Radio
- 855 AM Melbourne
Thursday 12 - 1 pm
In English.
Radio by and for rooming house residents and the homeless.
Presented by Gerard Ahearne, Sam Chesser, Kat Davies, Wendy Butler and Seta.
Contact roominations@hotmail.com
Awards: Roominations won 'Excellence in Training' at the Community Broadcasting of Australia Association in November 2007.
CRAM Article November 2007
ROOMINATIONS
Roominations is “the only program on air for homeless people, to give them a soapbox,” says presenter Gerard Ahearne.
The idea for Roominations sprang from Roomers Magazine, a creative writing project for residents of rooming houses, private hotels or supported residential services in the Port Phillip area. Gerard Ahearne is a Housing Worker at Yarra Community Housing. He liked the idea of a participation project for the rooming house community and wanted to start a similar project in the Yarra area, without simply duplicating Roomers Magazine. “And because 3CR is the community station, it just made sense,” Gerard says.
Regular Roominations presenters include Sam Chesser, Tim Stapleton, and performance poet Wendy Butler. They all took part in the Roominations Radio Training Project at 3CR, and found their feet guest programming over last summer. Roominations has been airing weekly on Thursdays since April, and a second training course for new contributors began in September.
The rooming house population is diverse, and Roominations is not exclusively for rooming house residents. “Disadvantage would be a better descriptor for our target audience,” says Gerard.
This throws up an interesting challenge for the Roominations show. “Our audience don’t have radios,” says Gerard. “Homeless people don’t have radios.”
But Roominations is establishing community and sector links to help its audience access the show. For example, Sacred Heart Mission now plays Roominations in its dining room at lunchtime each Thursday.

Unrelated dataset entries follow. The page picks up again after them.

(* matrix exponential, logarithm (with the usual support convention ln 0 := 0,
   as for mathcomp-analysis' ln), and real powers (x `^ a, with 0 `^ a = 0
   for a <> 0, i.e. powers taken on the support) *)
Definition mx_exp n (A : 'M[C]_n) := fun_mx expR A.
Definition mx_ln n (A : 'M[C]_n) := fun_mx (@ln R) A.
Definition mx_pow n (A : 'M[C]_n) (a : R) := fun_mx (fun x => powR x a) A.

Definition rtr n (A : 'M[C]_n) : R := complex.Re (\tr A).

Definition qrel_ent n (rho sigma : 'M[C]_n) : R :=
  rtr (rho *m (mx_ln rho - mx_ln sigma)).

Definition petz_renyi n (a : R) (rho sigma : 'M[C]_n) : R :=
  (a - 1)^-1 * ln (rtr (mx_pow rho a *m mx_pow sigma (1 - a))).

Definition sandwiched_renyi n (a : R) (rho sigma : 'M[C]_n) : R :=
  let s := mx_pow sigma ((1 - a) / (2 * a)) in
  (a - 1)^-1 * ln (rtr (mx_pow (s *m rho *m s) a)).

Definition geometric_renyi n (a : R) (rho sigma : 'M[C]_n) : R :=
  let s := mx_pow sigma (- (1 / 2)) in
  (a - 1)^-1 * ln (rtr (sigma *m mx_pow (s *m rho *m s) a)).

End QuantumDefs.

From HB Require Import structures.
From mathcomp Require Import all_boot all_order all_algebra.
From mathcomp Require Import sesquilinear spectral.
From mathcomp Require Import complex.
From mathcomp Require Import reals sequences.
From mathcomp.analysis Require Import exp.
From mathcomp Require Import ring lra.

Set Implicit Arguments.
Unset Strict Implicit.
Unset Printing Implicit Defensive.

Import Order.TTheory GRing.Theory Num.Theory.
Local Open Scope ring_scope.
Local Open Scope sesquilinear_scope.

(* The Gibbs state sigma and the normalised ground projection rho are both
   functions of the spectral projections Pi_j, so every divergence reduces to
   a classical one between the distribution concentrated on the ground level
   and the Gibbs distribution; as rho lives on a single level, all of them
   equal -ln Tr[Pi_1 sigma] = ln (Z / (d_G e^(-beta lambda_1))).  Every excited
   level lies at least Delta above lambda_1, and beta is chosen so that
   e^(-beta Delta) (d - d_G) = (e^eps - 1) d_G; hence the excited part of the
   partition function Z is at most (e^eps - 1) times its ground part, i.e.
   Z <= e^eps d_G e^(-beta lambda_1). *)

Section RealEmbedding.
Variable R : realType.
Local Notation C := R[i].

Lemma crE (x : R) : cr x = real_complex R x. Proof. by []. Qed.

Lemma crV (x : R) : cr x^-1 = (cr x)^-1. Proof. by rewrite !crE fmorphV. Qed.

Lemma Re_cr (x : R) : complex.Re (cr x) = x. Proof. by []. Qed.

Lemma rtrZ n (x : R) (A : 'M[C]_n) : rtr (cr x *: A) = x * rtr A.
Proof. by rewrite /rtr mxtraceZ; case: (\tr A) => u v; rewrite /= mul0r subr0. Qed.

Lemma rtr_sum n I (r : seq I) (P : pred I) (F : I -> 'M[C]_n) :
  rtr (\sum_(i <- r | P i) F i) = \sum_(i <- r | P i) rtr (F i).
Proof.
by rewrite /rtr (raddf_sum (@mxtrace _ n)) (raddf_sum (@complex.Re R : Rcomplex R -> R)).
Qed.

Lemma mxtrace_herm n (A : 'M[C]_n) : A ^t* = A -> \tr A = cr (rtr A).
Proof.
move=> hA; have trJ : (\tr A)^*%C = \tr A by rewrite -{2}hA trace_map_mx mxtrace_tr.
by rewrite crE /rtr ReJ_add trJ; field.
Qed.

End RealEmbedding.

Lemma mxtrace_mul_adj_gt0 (C : numClosedFieldType) n (A : 'M[C]_n) :
  A != 0 -> 0 < \tr (A *m A ^t*).
Proof.
move=> nzA; have trE : \tr (A *m A ^t*) = \sum_a \sum_b `|A a b| ^+ 2.
  by apply: eq_bigr => a _; rewrite mxE; apply: eq_bigr => b _; rewrite !mxE normCK.
have [[a b] /= Aab] : exists ab : 'I_n * 'I_n, A ab.1 ab.2 != 0.
  apply/existsP; apply: contraR nzA; rewrite negb_exists => /forallP A0.
  by apply/eqP/matrixP => a b; rewrite mxE; apply/eqP/negbNE/(A0 (a, b)).
have sq_ge0 (x : C) : 0 <= `|x| ^+ 2 by rewrite exprn_ge0.
have row_ge0 a' : 0 <= \sum_b `|A a' b| ^+ 2 by apply: sumr_ge0.
rewrite trE lt0r sumr_ge0 // andbT psumr_neq0 //.
apply/hasP; exists a; rewrite ?mem_index_enum //= lt0r row_ge0 andbT psumr_neq0 //.
by apply/hasP; exists b; rewrite ?mem_index_enum //= exprn_gt0 ?normr_gt0.
Qed.

Lemma rtr_proj_gt0 (R : realType) n (P : 'M[R[i]]_n) :
  P *m P = P -> P ^t* = P -> P != 0 -> 0 < rtr P.
Proof.
move=> Pidem Pherm nzP; have := mxtrace_mul_adj_gt0 nzP.
by rewrite Pherm Pidem /rtr; case: (\tr P) => u v /andP[].
Qed.

Lemma diag_mx_map_eigen (F : idomainType) n k (dl : 'rV[F]_n)
    (c : 'I_k -> F) (Q : 'I_k -> 'M[F]_n) (g : F -> F) :
  (forall j, diag_mx dl *m Q j = c j *: Q j) -> \sum_j Q j = 1%:M ->
  diag_mx (map_mx g dl) = \sum_j g (c j) *: Q j.
Proof.
move=> eigQ sumQ; apply/matrixP => a b; rewrite summxE.
under eq_bigr => j _ do rewrite mxE.
transitivity (\sum_j g (dl 0 a) * Q j a b); last first.
  apply: eq_bigr => j _; have [->|nzQ] := eqVneq (Q j a b) 0; first by rewrite !mulr0.
  move/matrixP: (eigQ j) => /(_ a b); rewrite mul_diag_mx !mxE.
  by move/(mulIf nzQ) ->.
by rewrite -mulr_sumr -summxE sumQ !mxE mulr_natr.
Qed.

Section SpectralCombination.
Variables (R : realType) (n k : nat) (P : 'I_k -> 'M[R[i]]_n).
Hypothesis Pidem : forall i, P i *m P i = P i.
Hypothesis Pherm : forall i, (P i) ^t* = P i.
Hypothesis Porth : forall i j, i != j -> P i *m P j = 0.
Hypothesis Psum : \sum_i P i = 1%:M.

Definition proj_comb (x : 'I_k -> R) : 'M[R[i]]_n := \sum_j cr (x j) *: P j.

Lemma proj_comb_mulP x j : proj_comb x *m P j = cr (x j) *: P j.
Proof.
rewrite mulmx_suml (bigD1 j) //= big1 ?addr0 => [|i /Porth Pij].
  by rewrite -scalemxAl Pidem.
by rewrite -scalemxAl Pij scaler0.
Qed.

Lemma proj_comb_mul x y : proj_comb x *m proj_comb y = proj_comb (fun j => x j * y j).
Proof.
rewrite {2}/proj_comb mulmx_sumr; apply: eq_bigr => j _.
by rewrite -scalemxAr proj_comb_mulP scalerA crE -rmorphM mulrC.
Qed.

Lemma proj_combB x y : proj_comb x - proj_comb y = proj_comb (fun j => x j - y j).
Proof. by rewrite -sumrB; apply: eq_bigr => j _; rewrite !crE rmorphB scalerBl. Qed.

Lemma proj_combZ a x : cr a *: proj_comb x = proj_comb (fun j => a * x j).
Proof. by rewrite scaler_sumr; apply: eq_bigr => j _; rewrite scalerA !crE rmorphM. Qed.

Lemma proj_comb_adj x : (proj_comb x) ^t* = proj_comb x.
Proof.
apply/matrixP => a b; rewrite !mxE !summxE rmorph_sum; apply: eq_bigr => j _.
by rewrite !mxE rmorphM -{2}(Pherm j) !mxE; congr (_ * _); exact: conjc_real.
Qed.

Lemma rtr_proj_comb x : rtr (proj_comb x) = \sum_j x j * rtr (P j).
Proof. by rewrite rtr_sum; apply: eq_bigr => j _; rewrite rtrZ. Qed.

Lemma sum_rtr_proj : \sum_j rtr (P j) = n%:R.
Proof. by rewrite -rtr_sum Psum /rtr mxtrace1 -(rmorph_nat (real_complex R)). Qed.

Lemma fun_proj_comb f x : fun_mx f (proj_comb x) = proj_comb (fun j => f (x j)).
Proof.
set A := proj_comb x; set U := spectralmx A; set dl := spectral_diag A.
have /orthomx_spectralP : A \is normalmx by apply/normalmxP; rewrite proj_comb_adj.
have uU : U \is unitarymx := spectral_unitarymx A.
rewrite invmx_unitary // -/U -/dl => AE.
have UUt : U *m U ^t* = 1%:M by apply/unitarymxP.
have UtU : U ^t* *m U = 1%:M by rewrite -[U ^t*]mul1mx mulmxKtV.
have diagE : diag_mx dl = U *m A *m U ^t*.
  by rewrite AE !mulmxA UUt mul1mx -mulmxA UUt mulmx1.
pose Q j := U *m P j *m U ^t*.
have eigQ j : diag_mx dl *m Q j = cr (x j) *: Q j.
  rewrite diagE /Q !mulmxA mulmxKtV // -[U *m A *m P j]mulmxA proj_comb_mulP.
  by rewrite -scalemxAr -scalemxAl.
have sumQ : \sum_j Q j = 1%:M by rewrite -mulmx_suml -mulmx_sumr Psum mulmx1.
rewrite /fun_mx -/U -/dl (diag_mx_map_eigen _ eigQ sumQ) mulmx_sumr mulmx_suml.
apply: eq_bigr => j _; rewrite Re_cr -scalemxAr -scalemxAl /Q !mulmxA UtU mul1mx.
by rewrite -mulmxA UtU mulmx1.
Qed.


Definition flat_weights i : 'I_k -> R := fun j => if j == i then (rtr (P i))^-1 else 0.

Lemma flat_weights_id i : flat_weights i i = (rtr (P i))^-1.
Proof. by rewrite /flat_weights eqxx. Qed.

Lemma flat_weights_eq0 i j : j != i -> flat_weights i j = 0.
Proof. by rewrite /flat_weights => /negbTE ->. Qed.

Lemma flat_state_proj_comb i : (\tr (P i))^-1 *: P i = proj_comb (flat_weights i).
Proof.
rewrite /proj_comb (bigD1 i) //= big1 ?addr0 => [|j /flat_weights_eq0 ->].
  by rewrite flat_weights_id mxtrace_herm // crV.
by rewrite crE rmorph0 scale0r.
Qed.

Lemma rtr_proj_comb_flat i y : (forall j, j != i -> y j = 0) ->
  rtr (proj_comb y) = y i * rtr (P i).
Proof.
move=> y0; rewrite rtr_proj_comb (bigD1 i) //= big1 ?addr0 // => j /y0 ->.
exact: mul0r.
Qed.

Section FlatStateDivergences.
(* Off the ground level the entries vanish through the conventions ln 0 = 0
   and 0 `^ a = 0 for a != 0 of [mx_ln] and [mx_pow]. *)
Variables (i : 'I_k) (s : 'I_k -> R).
Hypotheses (trP_gt0 : 0 < rtr (P i)) (s_gt0 : 0 < s i).
Let rho := proj_comb (flat_weights i).
Let sigma := proj_comb s.

Lemma qrel_ent_flat : qrel_ent rho sigma = - ln (rtr (P i) * s i).
Proof.
rewrite /qrel_ent /mx_ln !fun_proj_comb proj_combB proj_comb_mul.
rewrite (@rtr_proj_comb_flat i) => [|j /flat_weights_eq0 ->]; last exact: mul0r.
rewrite flat_weights_id !lnM ?lnV ?posrE //; field; exact: lt0r_neq0.
Qed.

Lemma petz_renyi_flat a : 0 < a -> a != 1 ->
  petz_renyi a rho sigma = - ln (rtr (P i) * s i).
Proof.
move=> a_gt0 a_neq1; rewrite /petz_renyi /mx_pow !fun_proj_comb proj_comb_mul.
rewrite (@rtr_proj_comb_flat i) => [|j /flat_weights_eq0 ->]; last first.
  by rewrite powR0 ?mul0r ?lt0r_neq0.
rewrite flat_weights_id !lnM ?posrE ?mulr_gt0 ?powR_gt0 ?invr_gt0 //.
by rewrite !ln_powR lnV ?posrE //; field; rewrite subr_eq0.
Qed.

Lemma sandwiched_renyi_flat a : 0 < a -> a != 1 ->
  sandwiched_renyi a rho sigma = - ln (rtr (P i) * s i).
Proof.
move=> a_gt0 a_neq1; rewrite /sandwiched_renyi /mx_pow !fun_proj_comb !proj_comb_mul.
rewrite fun_proj_comb (@rtr_proj_comb_flat i) => [|j /flat_weights_eq0 ->]; last first.
  by rewrite mulr0 mul0r powR0 ?lt0r_neq0.
set t := powR (s i) _; have t_gt0 : 0 < t by rewrite powR_gt0.
have td_gt0 : 0 < t / rtr (P i) by rewrite mulr_gt0 ?invr_gt0.
rewrite flat_weights_id !lnM ?posrE ?powR_gt0 ?mulr_gt0 ?invr_gt0 // ln_powR.
rewrite !lnM ?posrE ?invr_gt0 // /t ln_powR lnV ?posrE //; field.
by rewrite lt0r_neq0 // subr_eq0.
Qed.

The program’s content is as diverse as the community it represents. “We invite anyone to talk about anything,” says Gerard.

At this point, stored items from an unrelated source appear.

Lemma pb_ext (V W : R -> R -> vec4) a b :
  (forall a b, V a b = W a b) -> pb V a b = pb W a b.
Proof.
  intros HVW; unfold pb; f_equal; apply Derive_ext; intros; rewrite HVW; reflexivity.
Qed.

Lemma pa_frame (th x y z t : R -> R) a b :
  pa (fun a b => frame (th b) a (x b) (y b) (z b) (t b)) a b
  = frame (th b) a (- z b) (- t b) (x b) (y b).
Proof.
  unfold pa, frame; simpl; f_equal;
    apply is_derive_unique; auto_derive; try exact I; unfold Rminus; ring.
Qed.

Lemma pb_frame (th x y z t : R -> R) a b :
  ex_derive th b -> ex_derive x b -> ex_derive y b -> ex_derive z b -> ex_derive t b ->
  pb (fun a b => frame (th b) a (x b) (y b) (z b) (t b)) a b
  = frame (th b) a (Derive x b - Derive th b * y b) (Derive y b + Derive th b * x b)
                   (Derive z b - Derive th b * t b) (Derive t b + Derive th b * z b).
Proof.
  intros; unfold pb, frame; simpl; f_equal;
    apply is_derive_unique; auto_derive; try tauto; eta_Derive; unfold Rminus; ring.
Qed.

Section TwistedTorus.
Variables rho f : R -> R.
Hypotheses (ex_rho : forall b, ex_derive rho b)
  (ex_rho' : forall b, ex_derive (Derive rho) b)
  (ex_f : forall b, ex_derive f b)
  (ex_f' : forall b, ex_derive (Derive f) b).

Let F := twisted_torus rho f.

Lemma twisted_torus_frame a b : F a b = frame (f b) a (rho b) 0 0 0.
Proof. unfold F, twisted_torus, frame; simpl; f_equal; unfold Rdiv; ring. Qed.

Lemma pa_F a b : pa F a b = frame (f b) a 0 0 (rho b) 0.
Proof.
  rewrite (pa_ext _ _ a b twisted_torus_frame).
  rewrite (pa_frame f rho (fun _ => 0) (fun _ => 0) (fun _ => 0)); apply frame_eq; ring.
Qed.

Lemma pb_F a b : pb F a b = frame (f b) a (Derive rho b) (rho b * Derive f b) 0 0.
Proof.
  rewrite (pb_ext _ _ a b twisted_torus_frame).
  rewrite (pb_frame f rho (fun _ => 0) (fun _ => 0) (fun _ => 0));
    auto using ex_derive_const.
  rewrite !Derive_const; apply frame_eq; ring.
Qed.

Lemma paa_F a b : pa (pa F) a b = frame (f b) a (- rho b) 0 0 0.
Proof.
  rewrite (pa_ext _ _ a b pa_F).
  rewrite (pa_frame f (fun _ => 0) (fun _ => 0) rho (fun _ => 0)); apply frame_eq; ring.
Qed.

Lemma pba_F a b : pb (pa F) a b = frame (f b) a 0 0 (Derive rho b) (rho b * Derive f b).
Proof.
  rewrite (pb_ext _ _ a b pa_F).
  rewrite (pb_frame f (fun _ => 0) (fun _ => 0) rho (fun _ => 0));
    auto using ex_derive_const.
  rewrite !Derive_const; apply frame_eq; ring.
Qed.

Lemma pbb_F a b : pb (pb F) a b =
  frame (f b) a (Derive (Derive rho) b - rho b * Derive f b ^ 2)
                (2 * Derive rho b * Derive f b + rho b * Derive (Derive f) b) 0 0.
Proof.
  rewrite (pb_ext _ _ a b pb_F).
  rewrite (pb_frame f (Derive rho) (fun y => rho y * Derive f y) (fun _ => 0) (fun _ => 0));
    auto using ex_derive_const, ex_derive_mult.
  rewrite !Derive_const, Derive_mult by auto; apply frame_eq; ring.
Qed.

Definition speed2 b := Derive rho b ^ 2 + (rho b * Derive f b) ^ 2.

Lemma speed2_gamma b :
  speed2 b = Derive (gamma_re rho f) b ^ 2 + Derive (gamma_im rho f) b ^ 2.
Proof.
  assert (Dre : Derive (gamma_re rho f) b
                = Derive rho b * cos (f b) - rho b * Derive f b * sin (f b)).
  { apply is_derive_unique; unfold gamma_re; auto_derive; auto; eta_Derive; ring. }
  assert (Dim : Derive (gamma_im rho f) b
                = Derive rho b * sin (f b) + rho b * Derive f b * cos (f b)).
  { apply is_derive_unique; unfold gamma_im; auto_derive; auto; eta_Derive; ring. }
  assert (E := sin2_cos2 (f b)); unfold Rsqr in E.
  rewrite Dre, Dim; unfold speed2.
  transitivity ((Derive rho b ^ 2 + (rho b * Derive f b) ^ 2)
                * (sin (f b) * sin (f b) + cos (f b) * cos (f b))); [rewrite E |]; ring.
Qed.

Lemma speed2_pos_of_regular b :
  Derive (gamma_re rho f) b <> 0 \/ Derive (gamma_im rho f) b <> 0 -> 0 < speed2 b.
Proof.
  intros Hreg; rewrite speed2_gamma.
  destruct Hreg as [H | H]; apply pow2_gt_0 in H;
    [assert (P := pow2_ge_0 (Derive (gamma_im rho f) b))
    | assert (P := pow2_ge_0 (Derive (gamma_re rho f) b))]; lra.
Qed.

Lemma g11_F a b : g11 F a b = rho b ^ 2.
Proof. unfold g11; rewrite pa_F, dot_frame; ring. Qed.

Lemma g12_F a b : g12 F a b = 0.
Proof. unfold g12; rewrite pa_F, pb_F, dot_frame; ring. Qed.

Lemma g22_F a b : g22 F a b = speed2 b.
Proof. unfold g22, speed2; rewrite pb_F, dot_frame; ring. Qed.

Sam Chesser, another Roominations presenter and a musician himself, has particularly enjoyed “having artists on the show, sharing their music.”
”Drugs are a big problem in rooming houses and in the milieu of the homeless sub-community,” says Gerard, so Roominations also explores grassroots level health issues. “We’re developing a community health segment with Dot Campbell, a district nurse.”
Roominations has also offered a critical perspective to the positive reception this year of the ABC series The Choir Of Hard Knocks, which Gerard describes as an example of ‘gesture politics’. “Middle class people think they’ve cured homelessness by watching a TV show,” says Gerard. “It trivialises issues, making them flavour of the month.”
But Roominations is in for the long haul. It’s informed by experience and made by and for people dealing each day with homelessness and disadvantage.
“It’s very rewarding,” says Sam. “I hope people are getting something out of it.”